In the first phase, the effects of SFE operational parameters including fluid pressure, fluid temperature, time duration and mode of extraction on the removal efficiency of PHCs from a spiked sandy soil (with diesel fuel with a ratio of 5 wt%) were investigated. SFE experiments were performed at different pressures (15, 33 and 50 MPa) and temperatures (30, 75 and 120 °C). The combination of 10 min static mode followed by 10 min dynamic mode, repeated for 3 cycles (60 min in total) led to the highest PHC removal percentage. According to response surface methodology (RSM), the optimum pressure and temperature were found to be 50 MPa and 69.3 °C, respectively. According to experimental results, the optimum combination of pressure and temperature determined to be 33 MPa and 75 °C; which resulted in the extraction percentages of 99.2%, 91.7% and 86.1% for PHC F2, F3 and F4 fractions, respectively.

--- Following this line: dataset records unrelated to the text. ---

Lemma EO1_Ydvd_k0 m k z : (1 < k < N)%N -> YI m z -> EO1_Ydvd m (oe k 0 z).
Proof.
move=> kN [h Ih ->]; exists [:: (k, 0%N, h)]; split; last by rewrite /= mulmx1.
move=> t; rewrite inE => /eqP -> /=; split; last by right.
by move: kN; rewrite /oe_idx /= sig0; lia.
Qed.

Lemma EO1_Ydvd_kl m k l z : apart n k l -> YI (m + m) z -> EO1_Ydvd m (oe k l z).
Proof.
move=> kl [h Ih ->]; have [kN lN] := apart_range kl.
have Ik : YI m (Y ^+ m * h) by exists h.
have Rl : YR m (Y ^+ m) by exists 1; rewrite ?mulr1.
rewrite oe_kl_commutatorY //.
apply: EO1_YdvdM (EO1_YdvdM (EO1_YdvdM _ _) _) _.
- exact: EO1_Ydvd_k0.
- exact: EO1_Ydvd_0k.
- by apply: EO1_Ydvd_k0 => //; apply: Ydvd_N.
- by apply: EO1_Ydvd_0k => //; apply: Ydvd_N.
Qed.

Lemma EO1_Ydvd_conj_kl_l0 m k l a x : apart n k l -> YI m x ->
  EO1_Ydvd m (oe_conj k l a (oe l 0 x)).
Proof.
move=> kl Ix; have [kN lN] := apart_range kl.
rewrite (oe_conjl _ _ (root_triple_pq0 kl)).
by apply: EO1_YdvdM; apply: EO1_Ydvd_k0 => //; apply: Ydvd_Ml.
Qed.

Lemma EO1_Ydvd_conj_kl_0k m k l a y : apart n k l -> YR m y ->
  EO1_Ydvd m (oe_conj k l a (oe 0 k y)).
Proof.
move=> kl Ry; have [kN lN] := apart_range kl.
rewrite (oe_conjr _ _ (root_triple_0pq kl)).
by apply: EO1_YdvdM; apply: EO1_Ydvd_0k => //; apply/(Ydvd_N trueMl)/(Ydvd_Mr trueMl).
Qed.

Lemma EO1_Ydvd_conj_kl_lk m k l a z : apart n k l -> YI (m + m) z ->
  EO1_Ydvd m (oe_conj k l a (oe l k z)).
Proof.
move=> kl [h Ih ->]; have lk := apart_sym kl; have kl' := apart_neq kl.
have Ih' : YI m (Y ^+ m * h) by exists h.
have RY : YR m (Y ^+ m) by exists 1; rewrite ?mulr1.
rewrite oe_kl_commutatorY // !oe_conjM //.
apply: EO1_YdvdM (EO1_YdvdM (EO1_YdvdM _ _) _) _.
- exact: EO1_Ydvd_conj_kl_l0.
- exact: EO1_Ydvd_conj_kl_0k.
- by apply: EO1_Ydvd_conj_kl_l0 => //; apply: Ydvd_N.
- by apply: EO1_Ydvd_conj_kl_0k => //; apply: Ydvd_N.
Qed.

Lemma Y4m_split m h : Y ^+ (4 * m) * h = Y ^+ (m + m) * (Y ^+ (m + m) * h).
Proof. by rewrite mulrA -exprD; congr (_ ^+ _ * _); lia. Qed.

Lemma EO1_Ydvd_conj_0k_k0 m q c w : (1 < q < N)%N -> YI (4 * m) w ->
  EO1_Ydvd m (oe_conj 0 q c (oe q 0 w)).
Proof.
move=> qN [h Ih ->]; have [p pq] := exists_apart n_gt2 qN; have qp := apart_sym pq.
have [[pN _] [_ q0]] := (apart_range pq, apart_neq0 pq).
have q0' : (0 != q)%N by rewrite eq_sym.
set al := Y ^+ (m + m); set be := Y ^+ (m + m) * h.
have Ibe : YI (m + m) be by exists h.
have Ibe' : YI m be by exists (Y ^+ m * h); [exact: IMl | rewrite mulrA -exprD].
have Ral : YR m al by exists (Y ^+ m) => //; exact: exprD.
rewrite Y4m_split -(oe_commutator _ _ (root_triple_pq0 qp)) !oe_conjM //.
rewrite !(oe_conjl _ _ (root_triple_0pq qp)) !(oe_conjr _ _ (root_triple_p0q pq)).
have -> : forall A1 X A2 Z : 'M[A]_N, A2 *m oe q p (- al) = oe q p (- al) *m A2 ->
    A1 *m oe q p al *m X *m (A2 *m oe q p (- al)) *m Z
    = A1 *m oe_conj q p al X *m A2 *m Z.
  by move=> A1 X A2 Z comm; rewrite comm /oe_conj !mulmxA.
- apply: EO1_YdvdM (EO1_YdvdM (EO1_YdvdM _ _) _) _.
  + by apply: EO1_Ydvd_0k => //; apply: Ydvd_Ml.
  + rewrite oe_conjM; last exact: (apart_neq qp).
    apply: EO1_YdvdM; first by apply: EO1_Ydvd_conj_kl_lk => //; apply/Ydvd_N/Ydvd_Mr.
    by apply: EO1_Ydvd_conj_kl_l0.
  + by apply: EO1_Ydvd_0k => //; apply/Ydvd_Ml/Ydvd_N.
  + apply: EO1_YdvdM; first by apply: EO1_Ydvd_kl => //; apply/Ydvd_N/Ydvd_Mr/Ydvd_N.
    by apply: EO1_Ydvd_k0 => //; apply/Ydvd_N.
- by apply: oe_comm; symmetry; apply: oemx_kl_0l_comm; [lia | lia | exact: (apart_neq qp)].
Qed.

Lemma EO1_Ydvd_conj_k0_0k m q c w : (1 < q < N)%N -> polyI2 I c -> YR (4 * m) w ->
  EO1_Ydvd m (oe_conj q 0 c (oe 0 q w)).
Proof.
move=> qN Ic [h _ ->]; have [p pq] := exists_apart n_gt2 qN; have qp := apart_sym pq.
have [[pN _] [_ q0]] := (apart_range pq, apart_neq0 pq).
have pq' := apart_neq pq.
set al := Y ^+ (m + m); set be := Y ^+ (m + m) * h.
have Ral : YR (m + m) al by exists 1 => //; rewrite mulr1.
have Ral' : YR m al by exists (Y ^+ m) => //; exact: exprD.
have Rbe' : YR m be by exists (Y ^+ m * h) => //; rewrite mulrA -exprD.
rewrite Y4m_split -(oe_commutator _ _ (root_triple_0pq pq)) !oe_conjM //.
rewrite !(oe_conjl _ _ (root_triple_p0q qp)) !(oe_conjr _ _ (root_triple_pq0 pq)).
have -> : forall X1 A1 B1 X2 A2 B2 : 'M[A]_N,
    X1 *m A1 *m (B1 *m oe p q be) *m (X2 *m A2) *m (B2 *m oe p q (- be))
    = X1 *m A1 *m B1 *m oe_conj p q be (X2 *m A2 *m B2).
  by move=> *; rewrite /oe_conj !mulmxA.
apply: EO1_YdvdM (EO1_YdvdM (EO1_YdvdM _ _) _) _.
- by apply: EO1_Ydvd_kl => //; apply: Ydvd_polyI2Ml.
- exact: EO1_Ydvd_0k.
- by apply: EO1_Ydvd_k0 => //; rewrite mulrC; apply/Ydvd_N/Ydvd_polyI2Ml.
rewrite !oe_conjM //.
apply: EO1_YdvdM (EO1_YdvdM _ _) _.
- by apply: EO1_Ydvd_conj_kl_lk => //; apply/Ydvd_polyI2Ml/Ydvd_N.
- by apply: EO1_Ydvd_conj_kl_0k => //; apply: Ydvd_N.
have comm x : oe p q be *m oe p 0 x = oe p 0 x *m oe p q be.
  by apply: oe_comm; apply: oemx_kl_k0_comm; [lia | lia |].
rewrite oe_conj_id ?comm //.
by apply: EO1_Ydvd_k0 => //; rewrite mulNr opprK mulrC; apply: Ydvd_polyI2Ml.
Qed.

Lemma EO1_Ydvd_conj_0k_l0 m k l c w : apart n l k -> YI (m + m) w ->
  EO1_Ydvd m (oe_conj 0 k c (oe l 0 w)).
Proof.
move=> lk [h Ih ->]; have [lN kN] := apart_range lk.
rewrite (oe_conjr _ _ (root_triple_p0q lk)).
apply: EO1_YdvdM; first by apply: EO1_Ydvd_kl => //; apply/Ydvd_N/Ydvd_Mr/Ydvd_exprM.
by apply: EO1_Ydvd_k0 => //; apply: Ydvd_exprM => //; lia.
Qed.

Lemma EO1_Ydvd_conj_k0_0l m k l c w : apart n k l -> polyI2 I c -> YR (m + m) w ->
  EO1_Ydvd m (oe_conj k 0 c (oe 0 l w)).
Proof.
move=> kl Ic [h _ ->]; have [kN lN] := apart_range kl.
rewrite (oe_conjl _ _ (root_triple_p0q kl)).
apply: EO1_YdvdM; first by apply: EO1_Ydvd_kl => //; apply/Ydvd_polyI2Ml/Ydvd_exprM.
by apply: EO1_Ydvd_0k => //; apply: Ydvd_exprM => //; lia.
Qed.

Lemma EO1_Ydvd_conj_0k m k c t : (1 < k < N)%N -> EO1_poly_gen t ->
  EO1_Ydvd m (oe_conj 0 k c (oe t.1.1 t.1.2 (Y ^+ (4 * m) * t.2))).
Proof.
move=> kN; have k0 : (0 != k)%N by apply/eqP; lia.
case: t => [[i j] h] /EO1_poly_genP[[/= -> jN] | [/= -> iN Ih]].
  rewrite oe_conj_id //; last by apply: oe_comm; apply: oemx_0k_0l_comm; lia.
  by apply: EO1_Ydvd_0k => //; apply: Ydvd_exprM => //; lia.
have [-> | ik] := eqVneq i k; first by apply: EO1_Ydvd_conj_0k_k0 => //; exists h.
have [-> | isk] := eqVneq i (sig k).
  rewrite oe_conj_id //; last by apply: oe_comm; apply: oemx_0k_sk0_comm; lia.
  by apply: EO1_Ydvd_k0; [exact: sig_range | apply: Ydvd_exprM => //; lia].
by apply: EO1_Ydvd_conj_0k_l0; [apply/and4P | apply: Ydvd_exprM => //; lia].
Qed.

Lemma EO1_Ydvd_conj_k0 m k c t : (1 < k < N)%N -> polyI2 I c -> EO1_poly_gen t ->
  EO1_Ydvd m (oe_conj k 0 c (oe t.1.1 t.1.2 (Y ^+ (4 * m) * t.2))).
Proof.
move=> kN Ic; have k0 : (k != 0)%N by apply/eqP; lia.
case: t => [[i j] h] /EO1_poly_genP[[/= -> jN] | [/= -> iN Ih]]; last first.
  rewrite oe_conj_id //; last by apply: oe_comm; apply: oemx_k0_l0_comm; lia.
  by apply: EO1_Ydvd_k0 => //; apply: Ydvd_exprM => //; lia.
have [-> | jk] := eqVneq j k; first by apply: EO1_Ydvd_conj_k0_0k => //; exists h.
have [-> | jsk] := eqVneq j (sig k).
  have skN := sig_range kN; have sk1 : (1 < sig k)%N by case/andP: skN.
  have comm := oemx_0k_sk0_comm A n sk1; rewrite sigK in comm.
  rewrite oe_conj_id //; last by apply: oe_comm; rewrite comm.
  by apply: EO1_Ydvd_0k => //; apply: Ydvd_exprM => //; lia.
by apply: EO1_Ydvd_conj_k0_0l => //; [apply/apart_sym/and4P | apply: Ydvd_exprM => //; lia].
Qed.

Lemma EO1_gen_neq (g : nat * nat * R) : EO1_gen n I g -> g.1.1 != g.1.2.
Proof. by case/orP => [/andP[/eqP -> ?] | /and3P[/eqP -> ? _]]; apply/eqP; lia. Qed.

Lemma EO1_Ydvd_conj_gen m (g : nat * nat * R) M : EO1_gen n I g ->
  EO1_Ydvd (4 * m) M -> EO1_Ydvd m (oe_conj g.1.1 g.1.2 (cst2 g.2) M).
Proof.
case: g => [[i j] c] gen [s [sgen ->]] /=; have ij := EO1_gen_neq gen.
move: gen; rewrite /EO1_gen /= => gen.
elim: s sgen => [|t s IH] sgen /=; first by rewrite /oe_conj mulmx1 oe_mulN //; exact: EO1_Ydvd1.
rewrite oe_conjM //; apply: EO1_YdvdM; last by apply: IH => u us; apply: sgen; rewrite inE us orbT.
have tgen : EO1_poly_gen t by apply: sgen; rewrite mem_head.
case/orP: gen => [/andP[/eqP -> kN] | /and3P[/eqP -> kN Ic]] /=; first exact: EO1_Ydvd_conj_0k.
by apply: EO1_Ydvd_conj_k0 => //; apply: polyI2_cst2.
Qed.

Lemma EO1_Ydvd_conj_EO1 (eps : seq (nat * nat * R)) m M Einv : all (EO1_gen n I) eps ->
  Einv *m oe_prod n [seq (g.1.1, g.1.2, cst2 g.2) | g <- eps] = 1%:M ->
  EO1_Ydvd (4 ^ size eps * m) M ->
  EO1_Ydvd m (oe_prod n [seq (g.1.1, g.1.2, cst2 g.2) | g <- eps] *m M *m Einv).
Proof.
elim: eps m M Einv => [|g eps IH] m M Einv /=; first by rewrite mulmx1 mul1n mul1mx => _ ->; rewrite mulmx1.
case/andP=> gen eps_gen; set E := oe_prod _ _ => inv EM.
set ge := oe g.1.1 g.1.2 (cst2 g.2).
have -> : ge *m E *m M *m Einv = oe_conj g.1.1 g.1.2 (cst2 g.2) (E *m M *m (Einv *m ge)).
  by rewrite /oe_conj -!mulmxA oe_mulN ?mulmx1 // EO1_gen_neq.
apply: EO1_Ydvd_conj_gen => //; apply: IH => //; first by rewrite -mulmxA.
by rewrite mulnA -expnSr.
Qed.
End EO1Products.
Lemma op_conv_single Phi e s0 t0 :
    expo_add s0 t0 = e ->
    (forall s t mu, contributes e s t mu -> Phi s t mu != 0 ->
       [/\ mu = mi0 n, s = s0 & t = t0]) ->
  op_conv Phi e = Phi s0 t0 (mi0 n).
Proof.
case: e => [[A D] M] st0 Phi_supp; case: st0 Phi_supp.
case: s0 t0 => [[a0 b0] k0] [[g0 d0] l0] <- <- <- Phi_supp.
rewrite /op_conv /=; set B := (_ + _ + _)%N.
have a0_le i : (a0 i <= B)%N.
  by have := mi_le_abs (mi_add a0 g0) i; rewrite ffunE /B; lia.
have d0_le i : (d0 i <= B)%N.
  by have := mi_le_abs (mi_add b0 d0) i; rewrite ffunE /B; lia.
have mi0_le i : (mi0 n i <= B)%N by rewrite ffunE.
pose bnd_of v : bnd n B := [ffun i => inord (v i)].
have k0_lt : (k0 < (k0 + l0).+1)%N by rewrite ltnS leq_addr.
rewrite (sum4_single (x1 := bnd_of (mi0 n)) (x2 := bnd_of a0) (x3 := bnd_of d0)
                     (x4 := Ordinal k0_lt)) /=.
  rewrite !bval_inord //.
  have -> : [&& mi_le a0 (mi_add a0 g0), mi_le d0 (mi_add b0 d0)
              & (mi_abs (mi0 n) + k0 <= k0 + l0)%N].
    by rewrite mi_le_addl mi_addC mi_le_addl mi_abs0 leq_addr.
  rewrite !mi_add0 mi_addK (mi_addC a0) mi_addK mi_abs0 subn0 addKn.
  rewrite /mi_binom /mi_ffact !big1 ?mulr1 // => i _; rewrite ffunE.
    by rewrite ffactn0.
  by rewrite bin0.
move=> m a d k /=; case: ifP => [term|_]; last by rewrite eqxx.
move=> /eqP Phi_term.
have /Phi_supp := contributes_term (e := (mi_add a0 g0, mi_add b0 d0, k0 + l0)%N) term.
case=> [|mu0 [a_eq _ k_eq] [_ d_eq _]].
  by apply/eqP=> Phi0; apply: Phi_term; rewrite Phi0 !mul0r.
split; last by apply: val_inj; rewrite /= k_eq.
- by apply: bval_inj; rewrite mu0 bval_inord.
- by apply: bval_inj; rewrite a_eq bval_inord.
- by apply: bval_inj; rewrite d_eq bval_inord.
Qed.

End ProductExpansion.

Section Localization.
Variable C : idomainType.
Local Notation F := {fraction C}.
Local Notation "x %:F" := (@FracField.tofrac C x).
Variable h : C.
Hypothesis h_neq0 : h != 0.

Lemma tofrac_hX_neq0 l : (h ^+ l)%:F != 0.
Proof. by rewrite tofrac_eq0 expf_neq0. Qed.

Lemma locC0 : locC h 0.
Proof. by exists 0, 0%N; rewrite tofrac0 mul0r. Qed.

Lemma locC_nat k : locC h k%:R.
Proof. by exists k%:R, 0%N; rewrite expr0 tofrac1 divr1 rmorph_nat. Qed.

Lemma locC_add x y : locC h x -> locC h y -> locC h (x + y).
Proof.
move=> [c1 [l1 ->]] [c2 [l2 ->]]; exists (c1 * h ^+ l2 + c2 * h ^+ l1), (l1 + l2)%N.
by rewrite exprD addf_div ?tofrac_hX_neq0 // !tofracD !tofracM mulrC.
Qed.

Lemma locC_opp x : locC h x -> locC h (- x).
Proof. by move=> [c [l ->]]; exists (- c), l; rewrite tofracN mulNr. Qed.

Lemma locC_sub x y : locC h x -> locC h y -> locC h (x - y).
Proof. by move=> Cx /locC_opp; apply: locC_add. Qed.

Lemma locC_mul x y : locC h x -> locC h y -> locC h (x * y).
Proof.
move=> [c1 [l1 ->]] [c2 [l2 ->]]; exists (c1 * c2), (l1 + l2)%N.
by rewrite exprD mulf_div !tofracM.
Qed.

Lemma locC_sum (I : finType) (f : I -> F) : (forall i, locC h (f i)) -> locC h (\sum_i f i).
Proof. by move=> Cf; apply: big_ind => //; [apply: locC0 | apply: locC_add]. Qed.

Lemma locC_conv n (Phi : expo n -> expo n -> mi n -> F) e :
  (forall s t mu, contributes e s t mu -> locC h (Phi s t mu)) -> locC h (op_conv Phi e).
Proof.
apply: (op_conv_ind (S := locC h)); [exact: locC0 | exact: locC_add |].
by move=> x k Cx; apply: locC_mul Cx (locC_nat k).
Qed.

End Localization.

Section LocalizationModQ.
Variable C : idomainType.
Local Notation F := {fraction C}.
Local Notation "x %:F" := (@FracField.tofrac C x).
Variable Q : pred C.
Hypothesis pQ : prime_ideal Q.
Variable h : C.
Hypothesis hQ : h \notin Q.

Lemma notin_prime_neq0 a : a \notin Q -> a != 0.
Proof. by apply: contra => /eqP->; case: pQ. Qed.

Let h_neq0 : h != 0 := notin_prime_neq0 hQ.

Lemma prime_idealM a b : b \in Q -> a * b \in Q.
Proof. by case: pQ => _ _ + _ _; apply. Qed.

Lemma locQ0 : locQ Q h 0.
Proof. by exists 0, 0%N; rewrite tofrac0 mul0r; split=> //; case: pQ. Qed.

Lemma locQ_add x y : locQ Q h x -> locQ Q h y -> locQ Q h (x + y).
Proof.
move=> [c1 [l1 [Qc1 ->]]] [c2 [l2 [Qc2 ->]]].
exists (c1 * h ^+ l2 + c2 * h ^+ l1), (l1 + l2)%N; split.
  by case: pQ => _ QD _ _ _; apply: QD; rewrite mulrC prime_idealM.
by rewrite exprD addf_div ?tofrac_hX_neq0 // !tofracD !tofracM mulrC.
Qed.

Lemma locQ_opp x : locQ Q h x -> locQ Q h (- x).
Proof.
move=> [c [l [Qc ->]]]; exists (- c), l.
by rewrite -mulN1r prime_idealM // tofracM tofracN tofrac1 mulN1r mulNr.
Qed.

Lemma locQ_sub x y : locQ Q h x -> locQ Q h y -> locQ Q h (x - y).
Proof. by move=> Qx /locQ_opp; apply: locQ_add. Qed.

Lemma locQ_mull x y : locC h x -> locQ Q h y -> locQ Q h (x * y).
Proof.
move=> [c1 [l1 ->]] [c2 [l2 [Qc2 ->]]]; exists (c1 * c2), (l1 + l2)%N.
by rewrite prime_idealM // exprD mulf_div !tofracM.
Qed.

Lemma locQ_mulr x y : locQ Q h x -> locC h y -> locQ Q h (x * y).
Proof. by move=> Qx Cy; rewrite mulrC; apply: locQ_mull. Qed.

Lemma locQ_sum (I : finType) (f : I -> F) :
  (forall i, locQ Q h (f i)) -> locQ Q h (\sum_i f i).
Proof. by move=> Qf; apply: big_ind => //; [apply: locQ0 | apply: locQ_add]. Qed.

Lemma locQ_conv n (Phi : expo n -> expo n -> mi n -> F) e :
    (forall s t mu, contributes e s t mu -> locQ Q h (Phi s t mu)) ->
  locQ Q h (op_conv Phi e).
Proof.
apply: (op_conv_ind (S := locQ Q h)); [exact: locQ0 | exact: locQ_add |].
by move=> x k Qx; apply: locQ_mulr Qx (locC_nat h k).
Qed.

Lemma locC_locQQ x : locC h x -> locQQ Q x -> locQ Q h x.
Proof.
move=> [c [l ->]] [a [a' [Qa a'Q]]] /eqP.
rewrite eqr_div ?tofrac_hX_neq0 ?tofrac_eq0 ?notin_prime_neq0 // -!tofracM tofrac_eq.
move=> /eqP ca'_eq; exists c, l; split=> //.
have : c * a' \in Q by rewrite ca'_eq mulrC prime_idealM.
by case: pQ => _ _ _ _ /[apply] -[] // a'_in; rewrite a'_in in a'Q.
Qed.

Lemma locC_inv_dvd x c c' d :
    c' \notin Q -> ~ locQQ Q x -> x = c%:F / c'%:F -> h = c * d -> locC h x^-1.
Proof.
move=> c'Q x_nQ x_eq h_eq.
have cQ : c \notin Q by apply/negP=> Qc; apply: x_nQ; exists c, c'.
have d_neq0 : d != 0 by move: h_neq0; rewrite h_eq mulf_eq0 negb_or => /andP[].
exists (c' * d), 1%N; rewrite x_eq expr1 h_eq !tofracM invf_div -mulf_div.
by rewrite divff ?tofrac_eq0 ?mulr1.
Qed.

End LocalizationModQ.

Lemma exists_wf_fixpoint (T U : Type) (u0 : U) (R : T -> T -> Prop) (wfR : well_founded R)
    (step : (T -> U) -> T -> U) :
    (forall v1 v2 x, (forall y, R y x -> v1 y = v2 y) -> step v1 x = step v2 x) ->
  exists v, forall x, v x = step v x.
Proof.
move=> step_local.
pose restrict x (rec : forall y, R y x -> U) y :=
  if excluded_middle_informative (R y x) is left Ryx then rec y Ryx else u0.
exists (Fix wfR (fun _ => U) (fun x rec => step (restrict x rec) x)) => x.
rewrite Fix_eq => [|y rec1 rec2 eq_rec]; apply: step_local => z Rz; rewrite /restrict;
  by case: excluded_middle_informative.
Qed.

Definition deg_bounded (R : nzRingType) n (P : op R n) :=
  exists N, forall e, P e != 0 -> (deg e <= N)%N.

Lemma deg_bounded_family (R : nzRingType) n (I : finType) (P : I -> op R n) :
  (forall i, deg_bounded (P i)) -> exists N, forall i e, P i e != 0 -> (deg e <= N)%N.
Proof.
move=> P_deg; have [N P_le] := fin_all_exists P_deg.
by exists (\max_i N i) => i e /P_le /leq_trans; apply; apply: leq_bigmax.
Qed.

Lemma deg_bounded_sub (R : nzRingType) n (P P' : op R n) :
  deg_bounded P -> deg_bounded P' -> deg_bounded (op_sub P P').
Proof.
move=> [N P_le] [N' P'_le]; exists (N + N')%N => e; rewrite /op_sub.
have [P0|/P_le] := eqVneq (P e) 0; last by move=> ? _; lia.
by rewrite P0 sub0r oppr_eq0 => /P'_le; lia.
Qed.

Section Division.
Variable C : idomainType.
Local Notation F := {fraction C}.
Variables (n : nat) (lt : mi n * mi n -> mi n * mi n -> bool) (Q : pred C) (h : C).
Variables (r : nat) (g : 'I_r -> op F n) (es : 'I_r -> expo n).
Hypothesis adm : admissible lt.
Hypothesis pQ : prime_ideal Q.
Hypothesis hQ : h \notin Q.
Hypothesis g_inD : forall j, inD (locC h) (g j).
Hypothesis g_exp : forall j, is_expmodQ lt Q (g j) (es j).
Hypothesis lc_inv_locC : forall j, locC h (g j (es j))^-1.

Local Notation hlt := (hlt lt).
Local Notation hle := (hle lt).
Local Notation LC := (locC h).
Local Notation LQ := (locQ Q h).

Let h_neq0 : h != 0 := notin_prime_neq0 pQ hQ.

Lemma g_locC j t : LC (g j t). Proof. exact: (g_inD j).2. Qed.

Lemma lc_neq0 j : g j (es j) != 0.
Proof.
have [lc_nQ _] := g_exp j; apply/eqP=> lc0; apply: lc_nQ; rewrite lc0.
by exists 0, 1; rewrite tofrac0 mul0r; case: pQ.
Qed.

Lemma lead_term j e s t mu :
    contributes e s t mu -> ~~ hlt e (expo_add s (es j)) -> ~ locQQ Q (g j t) ->
  [/\ mu = mi0 n, t = es j & expo_add s (es j) = e].
Proof.
move=> [st_eq mu_le] not_above t_nQ.
have t_le : hle t (es j) by have [_] := g_exp j; apply.
have e_le_st : hle e (expo_add s t) by rewrite st_eq; apply: hle_shift.
have st_le : hle (expo_add s t) (expo_add s (es j)).
  by rewrite !(expo_addC s); apply: hle_add2r.
have sej_e := hle_anti adm (hltNge adm not_above) (hle_trans adm e_le_st st_le).
have st_le_e : hle (expo_add s t) e by rewrite -[X in hle _ X]sej_e.
have e_st := hle_anti adm e_le_st st_le_e.
split=> //.
  apply: NNPP => /(hlt_shift adm mu_le); rewrite -st_eq -e_st.
  by rewrite (negbTE (hlt_irr adm e)).
case/orP: t_le => [/eqP//|/(hlt_add2r adm s)]; rewrite !(expo_addC _ s) -e_st sej_e.
by rewrite (negbTE (hlt_irr adm e)).
Qed.

Definition mul_above (q : op F n) j e :=
  op_conv (fun s t _ => if hlt e (expo_add s (es j)) then q s * g j t else 0) e.

Definition mul_lead (q : op F n) j e :=
  if expo_le (es j) e then q (expo_sub e (es j)) * g j (es j) else 0.

Lemma op_mul_lead_modQ (q : op F n) j e : (forall s, LC (q s)) ->
  LQ (op_mul q (g j) e - mul_above q j e - mul_lead q j e).
Proof.
move=> q_loc; set ej := es j.
pose lead s t mu := [&& expo_add s ej == e, mu == mi0 n & t == ej].
pose below s := ~~ hlt e (expo_add s ej).
have -> : op_mul q (g j) e - mul_above q j e =
    op_conv (fun s t mu => if below s && lead s t mu then q s * g j t else 0) e +
    op_conv (fun s t mu => if below s && ~~ lead s t mu then q s * g j t else 0) e.
  rewrite op_mulE -op_convB -op_convD; apply: eq_op_conv => s t mu _.
  by rewrite /below; case: hlt; case: lead; rewrite /= ?subrr ?subr0 ?addr0 ?add0r.
have -> : op_conv (fun s t mu => if below s && lead s t mu then q s * g j t else 0) e =
    mul_lead q j e.
  rewrite /mul_lead -/ej; case: ifP => [ej_le|ej_nle]; last first.
    apply: op_conv_eq0 => s t mu _; case: ifP => // /andP[_ /and3P[/eqP s_e _ _]].
    by move: ej_nle; rewrite -s_e expo_le_add.
  rewrite (op_conv_single (s0 := expo_sub e ej) (t0 := ej)) ?expo_subK //.
    by rewrite /below /lead expo_subK // (hlt_irr adm) !eqxx.
  move=> s t mu _; case: ifP => [|_]; last by rewrite eqxx.
  by case/andP=> _ /and3P[/eqP <- /eqP -> /eqP ->] _; rewrite expo_addK.
rewrite addrC addKr; apply: (locQ_conv pQ hQ) => s t mu contrib.
case: ifP => [/andP[below_s not_lead]|_]; last exact: locQ0.
apply: (locQ_mull pQ (q_loc s)); apply: (locC_locQQ pQ hQ (g_locC j t)).
apply: NNPP => /(lead_term contrib below_s) [mu0 t_ej s_e].
by move: not_lead; rewrite /lead s_e mu0 t_ej !eqxx.
Qed.

Definition delta_index (e : expo n) : option 'I_r :=
  [pick j | expo_le (es j) e && [forall k : 'I_r, (k < j)%N ==> ~~ expo_le (es k) e]].

Lemma delta_index_some e j : delta_index e = Some j -> inDelta es j e.
Proof.
rewrite /delta_index; case: pickP => // j' /andP[ej_le /forallP first_j] [<-].
by split=> // k; apply/implyP.
Qed.

Lemma delta_index_none e : delta_index e = None -> inDeltabar es e.
Proof.
rewrite /delta_index; case: pickP => // none_first _ k; apply/negP=> ek_le.
have ex_le : exists m, [exists k' : 'I_r, (k' == m :> nat) && expo_le (es k') e].
  by exists k; apply/existsP; exists k; rewrite eqxx.
case: (ex_minnP ex_le) => m /existsP[k0 /andP[/eqP k0_m ek0_le]] m_min.
have := none_first k0; rewrite ek0_le /= => /negbT/forallPn[k1].
rewrite negb_imply negbK => /andP[k1_lt ek1_le].
have : (m <= k1)%N by apply: m_min; apply/existsP; exists k1; rewrite eqxx.
by rewrite -k0_m leqNgt k1_lt.
Qed.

In the second phase, the influence of several parameters including soil water content, soil pH and addition of modifier on PHCs removals from a field-contaminated sandy soil using SFE were experimentally investigated. SFE experiments were performed at 33 MPa pressure and temperatures of 45 and 75 °C. Three water content levels of 8%, 14% and 20% at two levels of pH 6.5 and 7.5 were investigated. The extraction of total petroleum hydrocarbon fractions (TPHF), the sum of F2, F3, and F4 fractions, decreased due to the increase in the water content from 8% to 20% at both pH 6.5 and 7.5. The difference of extractions of all PHC fractions at pH values of 6.5 and 7.5 were not statistically significant (at p < 0.05 confidence level) at all three water content levels and pH did not have a significant influence on the PHC removal efficiency. Addition of acetone as a modifier (33.7% TPHF removal) was more effective than hexanes (24.3% TPHF removal) to decrease the concentrations of PHCs for the field contaminated soil.
In the third phase, the influence of soil texture and grain size on the extraction of PHC fractions was investigated. SFE experiments were performed at 33 MPa pressure and 75 °C temperature. Three types of soils (soil A, B and C) were spiked with diesel fuel with a ratio of 5 wt%. Soil A, B and C had different particle sizes and were categorized as sand, silt loam and clay, respectively. Soil A (sand) which had the largest particle size resulted in the highest TPHF removal percentage while soil C (clay) with the smallest particle size led to the lowest TPHF removal percentage. A higher clay content in soil C resulted in a lower extraction of PHCs.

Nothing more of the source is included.